Successful emergency endovascular aortic repair for intratumoral hemorrhage in extensive retroperitoneal mass of testicular origin.

机构信息

Department of Oncology, Central Military Hospital SNP Ruzomberok, Ruzomberok, Slovak Republic.

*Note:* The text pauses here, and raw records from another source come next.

Lemma ler_horner_sub0 k p x : (forall i, 0 <= p`_i) -> (size p <= k.+1)%N ->
  0 <= x <= 1 -> x ^+ k * (p.[1] - p.[0]) <= p.[x] - p.[0].
Proof.
move=> p_ge0 size_p /andP[x_ge0 x_le1].
rewrite !horner_coef -!sumrB mulr_sumr; apply: ler_sum => -[[|i] lt_i_p] _ /=.
  by rewrite !expr0 !subrr mulr0.
rewrite expr1n !expr0n /= !mulr0 !subr0 mulr1 mulrC ler_wpM2l //.
by apply: ler_wiXn2l => //; rewrite -ltnS (leq_trans lt_i_p).
Qed.

End Norm1.

Section SupNorm.
Context {R : realType} {rho : R}.
Hypothesis rho_ge0 : 0 <= rho.
Implicit Types (p q : {poly R}) (a x M : R).

Lemma supnorm_le p M : (forall x, 0 <= x <= rho -> `|p.[x]| <= M) ->
  supnorm rho p <= M.
Proof.
move=> bound_p; apply: ge_sup; first by exists `|p.[0]|, 0; rewrite //= lexx.
by move=> _ [x x_in <-]; apply: bound_p.
Qed.

Hypothesis rho_le1 : rho <= 1.

Lemma supnorm_ub p x : 0 <= x <= rho -> `|p.[x]| <= supnorm rho p.
Proof.
move=> x_in; apply: ub_le_sup; last by exists x.
exists (norm1 p) => _ [y /andP[y_ge0 y_le] <-]; apply: norm1_horner_le.
by rewrite ger0_norm // (le_trans y_le).
Qed.

Lemma supnorm_ge0 p : 0 <= supnorm rho p.
Proof.
by apply: le_trans (normr_ge0 p.[0]) (supnorm_ub p 0 _); rewrite lexx rho_ge0.
Qed.

Lemma supnormD p q : supnorm rho (p + q) <= supnorm rho p + supnorm rho q.
Proof.
apply: supnorm_le => x x_in; rewrite hornerD (le_trans (ler_normD _ _)) //.
by rewrite lerD ?supnorm_ub.
Qed.

Lemma supnormZ a p : supnorm rho (a *: p) <= `|a| * supnorm rho p.
Proof.
by apply: supnorm_le => x x_in; rewrite hornerZ normrM ler_wpM2l ?supnorm_ub.
Qed.

End SupNorm.

Section RhoTilde.
Context {R : realType}.
Variable k : nat.
Implicit Types (p : {poly R}) (rho t C : R).

Lemma admissible1 C : 1 <= C -> admissible k C 1.
Proof.
move=> C_ge1; split; first by rewrite size_polyC; case: (_ != _).
by rewrite hornerC /norm1 size_polyC oner_neq0 big_ord1 coefC normr1.
Qed.

Lemma admissible_convex t C1 C2 p1 p2 : 0 <= t <= 1 ->
  admissible k C1 p1 -> admissible k C2 p2 ->
  admissible k (t * C1 + (1 - t) * C2) (t *: p1 + (1 - t) *: p2).
Proof.
move=> /andP[t_ge0 t_le1] [size_p1 [p1_1 norm_p1]] [size_p2 [p2_1 norm_p2]].
have s_ge0 : 0 <= 1 - t by rewrite subr_ge0.
split; last split.
- rewrite (leq_trans (size_polyD _ _)) // geq_max.
  by rewrite !(leq_trans (size_scale_leq _ _)).
- by rewrite hornerD !hornerZ p1_1 p2_1 !mulr1 subrKC.
- apply: le_trans (norm1D _ _) _; rewrite !norm1Z !ger0_norm //.
  by rewrite lerD // ler_wpM2l.
Qed.

Context {rho : R}.
Hypotheses (rho_ge0 : 0 <= rho) (rho_le1 : rho <= 1).

Lemma rho_tilde_le C p : admissible k C p -> rho_tilde k rho C <= supnorm rho p.
Proof.
move=> adm_p; apply: ge_inf; last by exists p.
by exists 0 => _ [q _ <-]; apply: supnorm_ge0.
Qed.

Lemma rho_tilde_approx C e : 1 <= C -> 0 < e ->
  exists2 p, admissible k C p & supnorm rho p < rho_tilde k rho C + e.
Proof.
move=> C_ge1 e_gt0.
have values_has_inf : has_inf [set supnorm rho p | p in admissible k C]%classic.
  split; first by exists (supnorm rho 1), 1; first exact: admissible1.
  by exists 0 => _ [q _ <-]; apply: supnorm_ge0.
by have [_ [p adm_p <-]] := inf_adherent e_gt0 values_has_inf; exists p.
Qed.
(* For all integers $n \geq 3$ and $k \geq 4$, $h(n,k) \geq n$.
   Context: All graphs are finite and simple. A degree monotone path in a graph $G$ is a path $v_1v_2\ldots v_m$ such that $\deg(v_1)\le \cdots\le \deg(v_m)$ or $\deg(v_1)\ge \cdots\ge \deg(v_m)$; its length is its number of vertices. $mp(G)$ denotes the maximum length of a degree monotone path in $G$. For a pair $e$ of non-adjacent vertices, $G+e$ is $G$ with the edge $e$ added. A graph $G$ is $k$-saturated if $mp(G)\le k-1$ and $mp(G+e)\ge k$ for every pair $e$ of non-adjacent vertices of $G$ (so $K_m$ is $k$-saturated for $m\le k-1$). $h(n,k)$ is the minimum number of edges of a $k$-saturated graph on $n$ vertices. *)

(* A simple graph on n vertices = symmetric irreflexive
   boolean relation on 'I_n. *)
From mathcomp Require Import all_boot.
Set Implicit Arguments. Unset Strict Implicit. Unset Printing Implicit Defensive.

Section Graphs.
Variable T : finType.

Definition simple_graph (g : rel T) : Prop := symmetric g /\ irreflexive g.

Definition deg (g : rel T) (x : T) : nat := #|[set y | g x y]|.

Definition nedges (g : rel T) : nat :=
  #|[set p : {set T} | [exists x, exists y, (x != y) && g x y && (p == [set x; y])]]|.

Definition add_edge (g : rel T) (u v : T) : rel T :=
  fun x y => [|| g x y, (x == u) && (y == v) | (x == v) && (y == u)].

(* a path: nonempty sequence of pairwise distinct vertices, consecutive
   ones adjacent; its length is its number of vertices (size p) *)
Definition is_gpath (g : rel T) (p : seq T) : bool :=
  match p with
  | [::] => false
  | x :: s => uniq (x :: s) && path g x s
  end.

Definition deg_monotone_path (g : rel T) (p : seq T) : bool :=
  is_gpath g p &&
  (sorted (fun a b => deg g a <= deg g b) p ||
   sorted (fun a b => deg g b <= deg g a) p).

Definition k_saturated (g : rel T) (k : nat) : Prop :=
  (forall p, deg_monotone_path g p -> size p <= k.-1) /\
  (forall u v, u != v -> ~~ g u v ->
     exists p, deg_monotone_path (add_edge g u v) p /\ k <= size p).

End Graphs.

(* Let G be k-saturated. If u has degree at most 1 and z is a local maximum
   of the degree with deg z > deg u, then a long monotone path of G + uz can
   use the new edge only as its last step, so G contains a path of at least
   k - 1 vertices ending at u whose degrees are at most deg u + 1. This rules
   out isolated vertices, and also leaves that are not adjacent to a vertex z
   of maximum degree: such a leaf would carry a chain of degree-2 vertices of
   length k - 1, which either extends to a monotone path of length k or is a
   whole path component, and a k-saturated graph has no path component on
   three or more vertices. A similar argument gives z a neighbour that is not
   a leaf. Then at most deg z - 1 vertices are leaves and all others have
   degree at least 2, so 2|E| >= deg z + 2(n - 1) - (deg z - 1) = 2n - 1. *)

From mathcomp Require Import all_boot zify.
Set Implicit Arguments. Unset Strict Implicit. Unset Printing Implicit Defensive.

Section Degree.
Variable T : finType.
Implicit Types (g : rel T) (u v w x y : T).

Definition deg_le g : rel T := fun x y => deg g x <= deg g y.
Definition deg_ge g : rel T := fun x y => deg g y <= deg g x.
Definition deg_local_max g z := forall y, g z y -> deg g y <= deg g z.

Lemma deg_le_refl g : reflexive (deg_le g).
Proof. by move=> x; apply: leqnn. Qed.

Lemma deg_le_trans g : transitive (deg_le g).
Proof. by move=> y x z; apply: leq_trans. Qed.

Lemma deg_gt0 g x y : g x y -> 0 < deg g x.
Proof. by move=> gxy; apply/card_gt0P; exists y; rewrite inE. Qed.

Lemma deg0_nadj g x y : deg g x = 0 -> ~~ g x y.
Proof. by move=> d0; apply/negP=> /deg_gt0; rewrite d0. Qed.

Lemma deg1_nbr g x w y : deg g x = 1 -> g x w -> g x y -> y = w.
Proof.
move=> /eqP/cards1P[z nbrs] gxw gxy.
have: w \in [set y | g x y] by rewrite inE.
have: y \in [set y | g x y] by rewrite inE.
by rewrite nbrs !inE => /eqP-> /eqP->.
Qed.

Lemma deg_ge2 g x a b : g x a -> g x b -> a != b -> 1 < deg g x.
Proof.
move=> gxa gxb ab; have sub : [set a; b] \subset [set y | g x y].
  by apply/subsetP=> y; rewrite !inE => /orP[]/eqP->.
by move: (subset_leq_card sub); rewrite cards2 ab.
Qed.

Lemma deg2_nbr g x a b y : deg g x = 2 -> g x a -> g x b -> a != b -> g x y ->
  y = a \/ y = b.
Proof.
move=> d2 gxa gxb ab gxy; have sub : [set a; b] \subset [set y | g x y].
  by apply/subsetP=> z; rewrite !inE => /orP[]/eqP->.
have: [set a; b] == [set y | g x y] by rewrite eqEcard sub cards2 ab -/(deg g x) d2.
move/eqP=> nbrs; have: y \in [set y | g x y] by rewrite inE.
by rewrite -nbrs !inE => /orP[]/eqP->; [left | right].
Qed.
Lemma fobj0_growth (y : 'M[R]_n * 'cV[R]_n) :
  `|y - (zQ_opt, zS_opt)| ^+ 2 <=
  growth_const * (fobj sigma 0 c gam nu rho zQ_opt zS_opt - fobj sigma 0 c gam nu rho y.1 y.2).
Proof.
rewrite fobj0_gap /growth_const.
set Q := fun i => row_quad i (fun j => y.1 i j - zQ_opt i j) (y.2 i 0 - zS_opt i 0).
set M := \big[Num.max/0]_(ij : 'I_n * 'I_n) _.
have Q_ge0 i : 0 <= Q i.
  exact: le_trans (mulr_ge0 (ltW (kappa_gt0 i)) (sqr_ge0 _)) (row_quad_ge_kappa _ _ _).
have M_gt0 : 0 < M by move: growth_const_gt0; rewrite pmulr_rgt0 ?ltr0n.
have kappa_le i : (kappa i)^-1 <= M.
  by apply: le_trans (le_bigmax _ _ (i, i)); rewrite le_max lexx.
have row_const_le i j : row_const i / nu j ^+ 2 <= M.
  by apply: le_trans (le_bigmax _ _ (i, j)); rewrite le_max lexx orbT.
have Q_le i : M * Q i <= M * \sum_(k < n) Q k.
  rewrite ler_pM2l // (bigD1 i) //= lerDl.
  by apply: sumr_ge0 => k _; apply: Q_ge0.
rewrite (_ : _ * (_ * _) = M * \sum_(i < n) Q i); last by field; rewrite gt_eqF ?ltr0n.
apply: pair_mx_norm_sqr_le => [|i j|i j] /=.
- exact: mulr_ge0 (ltW M_gt0) (sumr_ge0 _ (fun i _ => Q_ge0 i)).
- rewrite 2!mxE; apply: le_trans (Q_le i).
  apply: le_trans (ler_wpM2r (Q_ge0 i) (row_const_le i j)).
  rewrite mulrAC ler_pdivlMr ?exprn_gt0 // mulrC -exprMn.
  exact: row_quad_ge_entry.
- rewrite 2!mxE (ord1 j); apply: le_trans (Q_le i).
  apply: le_trans (ler_wpM2r (Q_ge0 i) (kappa_le i)).
  rewrite mulrC ler_pdivlMr ?kappa_gt0 // mulrC.
  exact: row_quad_ge_kappa.
Qed.
(* Near x, a row maximum max_j (a_j + y_j) with finite value r equals
   r + max_{j in N} (y_j - x_j), where N is the set of indices attaining it at x.
   Hence, locally, f(y) = f(x) + g(y - x) and y lies in S iff y - x lies in a cone K
   ([dfobj] and [tangent_cone] below).  Both only see the order of the coordinates
   of d = y - x: K is stable under nondecreasing reparametrisations of d, and g,
   a nonnegative combination of maxima over fixed index sets minus a linear form,
   is additive on comonotone sums and vanishes on constants since
   sum mu+ = sum mu-.  Cutting d below its top value t at the next value s gives
   d = min(d, s) + (t - s) chi_J with J the top level set, so g(d) < 0 forces
   g(chi_J) < 0 or g(min(d, s)) < 0.  Induction on the number of levels of d thus
   turns a descent direction d in K into an indicator chi_J in K with g(chi_J) < 0,
   and x + delta chi_J descends for all small delta. *)

Section MaxOver.
Variables (R : realType) (n : nat).
Implicit Types (P : pred 'I_n) (d : 'I_n -> R).

(* [fine] sends the empty maximum [-oo] to 0, hence the nonemptiness
   assumptions [P j0] below. *)
Definition maxover P d : R := fine (\big[Order.max/-oo%E]_(j | P j) (d j)%:E).

Definition is_maxover P d (h : R) :=
  (exists2 j, P j & h = d j) /\ (forall j, P j -> d j <= h).

Lemma maxoverP P d {j0} : P j0 -> is_maxover P d (maxover P d).
Proof.
move=> Pj0; rewrite /maxover.
have [i Pi max_i] := eq_bigmax j0 P (fun j => (d j)%:E) Pj0 (fun i _ => leNye _).
rewrite max_i /=; split=> [|j Pj]; first by exists i.
by rewrite -lee_fin -max_i; apply: le_bigmax_cond.
Qed.

Lemma maxover_eq P d h : is_maxover P d h -> maxover P d = h.
Proof.
move=> [[j Pj ->] le_h]; have [[j' Pj' ->] le_h'] := maxoverP d Pj.
by apply/le_anti; rewrite le_h // le_h'.
Qed.

Lemma maxover_homo P d (phi : R -> R) {j0} : P j0 ->
  {homo phi : a b / a <= b} -> maxover P (fun j => phi (d j)) = phi (maxover P d).
Proof.
move=> Pj0 phi_homo; have [[j Pj ->] le_dj] := maxoverP d Pj0.
by apply: maxover_eq; split=> [|j' Pj']; [exists j | apply/phi_homo/le_dj].
Qed.

Lemma maxover_const P (c : R) {j0} : P j0 -> maxover P (fun=> c) = c.
Proof. by move=> Pj0; apply: maxover_eq; split=> //; exists j0. Qed.

Lemma maxover_norm_lt P d e {j0} : P j0 -> (forall j, `|d j| < e) -> `|maxover P d| < e.
Proof. by move=> Pj0 d_lt; have [[j _ ->] _] := maxoverP d Pj0. Qed.

End MaxOver.

Section Locally.
Variables (R : realType) (n : nat) (x : 'I_n -> R).

Definition locally (Q : ('I_n -> R) -> Prop) :=
  exists2 e : R, 0 < e & forall y, (forall j, `|y j - x j| < e) -> Q y.

Lemma locally_ball e : 0 < e -> locally (fun y => forall j, `|y j - x j| < e).
Proof. by move=> e_gt0; exists e. Qed.

Lemma locally_mono {Q Q' : ('I_n -> R) -> Prop} :
  (forall y, Q y -> Q' y) -> locally Q -> locally Q'.
Proof. by move=> QQ' [e e_gt0 Qe]; exists e => // y /Qe/QQ'. Qed.

Lemma locally_and {Q1 Q2} : locally Q1 -> locally Q2 -> locally (fun y => Q1 y /\ Q2 y).
Proof.
move=> [e1 e1_gt0 Q1e] [e2 e2_gt0 Q2e]; exists (Num.min e1 e2).
  by rewrite lt_min e1_gt0.
move=> y xy; split; [apply: Q1e | apply: Q2e] => j;
  by apply: lt_le_trans (xy j) _; rewrite ge_min lexx ?orbT.
Qed.

Lemma locally_forall (I : finType) (Q : I -> ('I_n -> R) -> Prop) :
  (forall i, locally (Q i)) -> locally (fun y => forall i, Q i y).
Proof.
move=> Qloc; suff enum_loc : locally (fun y => forall i, i \in enum I -> Q i y).
  by apply: locally_mono enum_loc => y Qy i; apply: Qy; rewrite mem_enum.
elim: (enum I) => [|i s IHs]; first by exists 1.
apply: locally_mono (locally_and (Qloc i) IHs) => y [Qiy Qsy] k.
by rewrite inE => /predU1P[-> | /Qsy].
Qed.

End Locally.

Section RowMax.
Variables (R : realType) (q n : nat) (M : 'M[\bar R]_(q, n)).
Local Open Scope ereal_scope.

Definition argmax_row (x : 'I_n -> R) i : pred 'I_n :=
  fun j => M i j + (x j)%:E == rowmax M x i.

Lemma argmax_rowP {x i} : rowmax M x i != -oo -> exists j, argmax_row x i j.
Proof.
case: (pickP (fun _ : 'I_n => true)) => [j0 _ _ | no_index]; last first.
  by rewrite /rowmax big1 // => j; have := no_index j.
have [j _ max_j] := eq_bigmax j0 predT (fun j => M i j + (x j)%:E) isT (fun j _ => leNye _).
by exists j; rewrite /argmax_row /rowmax max_j.
Qed.

Lemma rowmax_fin x i : (forall j, M i j != +oo) -> rowmax M x i != -oo ->
  exists r : R, rowmax M x i = r%:E.
Proof.
move=> M_fin max_fin; have [j /eqP max_j] := argmax_rowP max_fin.
move: max_fin (M_fin j); rewrite -max_j.
by case: (M i j) => [s _ _ | // | //]; exists (s + x j)%R.
Qed.

Lemma rowmax_Ny x y i : rowmax M x i = -oo -> rowmax M y i = -oo.
Proof.
move=> max_Ny; apply/eqP; rewrite eq_le leNye andbT; apply: bigmax_le => // j _.
have := le_bigmax -oo (fun j => M i j + (x j)%:E) j.
by rewrite -/(rowmax M x i) max_Ny; case: (M i j).
Qed.

Lemma rowmax_local x i r : (forall j, M i j != +oo) -> rowmax M x i = r%:E ->
  locally x (fun y =>
    rowmax M y i = (r + maxover (argmax_row x i) (fun j => y j - x j))%:E).
Proof.
move=> M_fin max_r.
pose D (y : 'I_n -> R) := maxover (argmax_row x i) (fun j => (y j - x j)%R).
change (locally x (fun y => rowmax M y i = (r + D y)%:E)).
have [j0 argmax_j0] : exists j, argmax_row x i j by apply: argmax_rowP; rewrite max_r.
have entry_le j : locally x (fun y => M i j + (y j)%:E <= (r + D y)%:E).
  have := le_bigmax -oo (fun j => M i j + (x j)%:E) j.
  rewrite -/(rowmax M x i) max_r; move: (M_fin j) (erefl (argmax_row x i j)).
  rewrite {2}/argmax_row max_r; case: (M i j) => [s _ | // | _ _ _]; last first.
    by exists 1%R => // y _; rewrite leNye.
  rewrite -EFinD eqe lee_fin; case: eqP => [sxj_r argmax_j _ | /eqP sxj_neq _ sxj_le].
    exists 1%R => // y _; rewrite -EFinD lee_fin -sxj_r.
    have [_ le_D] := maxoverP (fun j => (y j - x j)%R) argmax_j0.
    by have := le_D j argmax_j; rewrite -/(D y); lra.
  have sxj_lt : (s + x j < r)%R by rewrite lt_neqAle sxj_neq.
  have gap_gt0 : (0 < (r - (s + x j)) / 2)%R by lra.
  apply: locally_mono (locally_ball x gap_gt0) => y xy; rewrite -EFinD lee_fin.
  have := maxover_norm_lt argmax_j0 xy; rewrite -/(D y).
  by move: (xy j); rewrite !ltr_norml; lra.
apply: locally_mono (locally_forall entry_le) => y le_D; apply/le_anti.
rewrite bigmax_le ?leNye //=.
have [[j argmax_j D_y] _] := maxoverP (fun j => (y j - x j)%R) argmax_j0.
apply: le_trans (le_bigmax _ (fun j => M i j + (y j)%:E) j).
move: argmax_j (M_fin j); rewrite /argmax_row max_r /D D_y.
by case: (M i j) => [s /eqP[<-] _ | // | //]; rewrite -!EFinD lee_fin; lra.
Qed.

End RowMax.

Section Linearization.
Variables (R : realType) (m n p : nat) (Ap Am : 'M[\bar R]_(m, n))
  (C : 'M[\bar R]_(p, n)) (mup : 'I_p -> nat) (mum : 'I_n -> nat) (x : 'I_n -> R).
Hypothesis Ap_fin : forall i j, Ap i j != +oo%E.
Hypothesis Am_fin : forall i j, Am i j != +oo%E.
Hypothesis C_fin : forall k j, C k j != +oo%E.
Hypothesis C_row : forall k, exists j, C k j != -oo%E.
Hypothesis mu_sum : (\sum_(k < p) mup k = \sum_(j < n) mum j)%N.
Hypothesis x_in_S : inS Ap Am x.

Definition dfobj (d : 'I_n -> R) : R :=
  \sum_(k < p) (mup k)%:R * maxover (argmax_row C x k) d
  - \sum_(j < n) (mum j)%:R * d j.

Definition tight_row i := rowmax Am x i = rowmax Ap x i /\ rowmax Ap x i != -oo%E.

Definition tangent_cone (d : 'I_n -> R) := forall i, tight_row i ->
  maxover (argmax_row Am x i) d <= maxover (argmax_row Ap x i) d.

Lemma rowmax_C_neqNy k : rowmax C x k != -oo%E.
Proof.
have [j Ckj] := C_row k; apply/eqP => max_Ny.
have := le_bigmax -oo%E (fun j => C k j + (x j)%:E)%E j.
by rewrite -/(rowmax C x k) max_Ny; move: Ckj; case: (C k j).
Qed.

Lemma argmax_C k : exists j, argmax_row C x k j.
Proof. exact/argmax_rowP/rowmax_C_neqNy. Qed.

Lemma fobj_local : locally x (fun y =>
  fobj C mup mum y = fobj C mup mum x + dfobj (fun j => y j - x j)).
Proof.
have row_local k : locally x (fun y => fine (rowmax C y k) =
    fine (rowmax C x k) + maxover (argmax_row C x k) (fun j => y j - x j)).
  have [r max_r] := rowmax_fin (C_fin k) (rowmax_C_neqNy k).
  by apply: locally_mono (rowmax_local (C_fin k) max_r) => y ->; rewrite max_r.
apply: locally_mono (locally_forall row_local) => y rows_y.
rewrite /fobj /dfobj; under eq_bigr do rewrite rows_y mulrDr.
have -> : \sum_(j < n) (mum j)%:R * y j =
    \sum_(j < n) (mum j)%:R * x j + \sum_(j < n) (mum j)%:R * (y j - x j).
  by rewrite -big_split; apply: eq_bigr => j _ /=; ring.
rewrite big_split /=; lra.
Qed.

Lemma tight_argmax i : tight_row i ->
  (exists j, argmax_row Am x i j) /\ (exists j, argmax_row Ap x i j).
Proof. by case=> max_eq max_fin; split; apply: argmax_rowP; rewrite ?max_eq. Qed.

Lemma tangent_cone_homo d (phi : R -> R) : {homo phi : a b / a <= b} ->
  tangent_cone d -> tangent_cone (fun j => phi (d j)).
Proof.
move=> phi_homo cone_d i tight_i; have [[jm Pm] [jp Pp]] := tight_argmax tight_i.
by rewrite (maxover_homo _ Pm phi_homo) (maxover_homo _ Pp phi_homo); apply/phi_homo/cone_d.
Qed.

2nd Department of Oncology, Faculty of Medicine, National Cancer Institute, Comenius University, Klenova 1, 833 10, Bratislava, Slovak Republic.

出版信息

BMC Surg. 2020 Nov 7;20(1):272. doi: 10.1186/s12893-020-00933-2.

Abstract

BACKGROUND

Metastatic germ cell cancer of the testis is characterized by favorable prognosis since effective treatment methods are available even in cases of extensive disease. Retroperitoneal masses frequently encroach major blood vessels requiring a vascular intervention usually performed in association with the post-chemotherapy retroperitoneal lymph node dissection (RPLND). Reported clinical case describes a successful pre-treatment endovascular surgery for abdominal aortic rupture allowing for full-dose systemic chemotherapy administration, and subsequent radical surgical intervention at primary tumor site as well as metastatic retroperitoneal lymph node dissection including the reconstruction of inferior caval vein.

CASE PRESENTATION

Patient presented with left-sided testicular tumor and voluminous retroperitoneal mass with vascular involvement. Soon after the patient had been admitted for the first cycle of cisplatin-based chemotherapy, computed tomographic angiography (CTA) revealed a dorsal aortic wall rupture with active extravasation and irregular pseudoaneurysmatic dilatation of the aorta below the leak area. Retroperitoneal intratumoral hemorrhage associated with the bilateral iliac venous thrombosis required an endovascular repair procedure of infrarenal abdominal aorta.

CONCLUSIONS

Following the successful endovascular aortic repair 3 cycles of BEP (bleomycin, etoposide, cisplatin) regimen were administered with subsequent delayed left radical orchiectomy and RPLND associated with vena cava inferior (VCI) resection. Reconstruction of VCI was originally not deemed necessary as collateral blood flow appeared sufficient, however, intraoperative complications resulted in the need for unilateral VCI reconstruction, using the interposed bypass between right common iliac vein and infrarenal segment of VCI. Histopathologic examination of the attained specimen detected no vital cancer structures. The patient remains disease-free 18 months after the RPLND.

摘要

背景

睾丸生殖细胞癌转移的特点是预后良好,因为即使是广泛疾病的病例,也有有效的治疗方法。腹膜后肿块经常侵犯主要血管,需要血管介入治疗,通常与化疗后腹膜后淋巴结清扫术(RPLND)一起进行。报告的临床病例描述了一例成功的腹主动脉破裂的术前血管内手术,使患者能够接受全剂量的全身化疗,并随后在原发肿瘤部位进行根治性手术干预,以及包括下腔静脉重建的转移性腹膜后淋巴结清扫术。

病例介绍

患者表现为左侧睾丸肿瘤和巨大腹膜后肿块,伴有血管受累。在接受顺铂为基础的化疗第一周期入院后不久,计算机断层血管造影(CTA)显示背主动脉壁破裂,有活跃的外渗和漏口下方的主动脉不规则假性动脉瘤扩张。腹膜后肿瘤内出血伴双侧髂静脉血栓形成,需要进行腹主动脉下段的血管内修复。

结论

成功的血管内主动脉修复后,给予了 3 个周期的 BEP(博来霉素、依托泊苷、顺铂)方案,随后进行了延迟的左侧根治性睾丸切除术和 RPLND,同时切除了下腔静脉(VCI)。最初认为不需要重建 VCI,因为侧支血流似乎足够,但术中并发症导致需要进行单侧 VCI 重建,使用右髂总静脉和 VCI 下腔静脉段之间的旁路进行重建。获得的标本的组织病理学检查未发现有活力的癌结构。RPLND 后 18 个月,患者无疾病。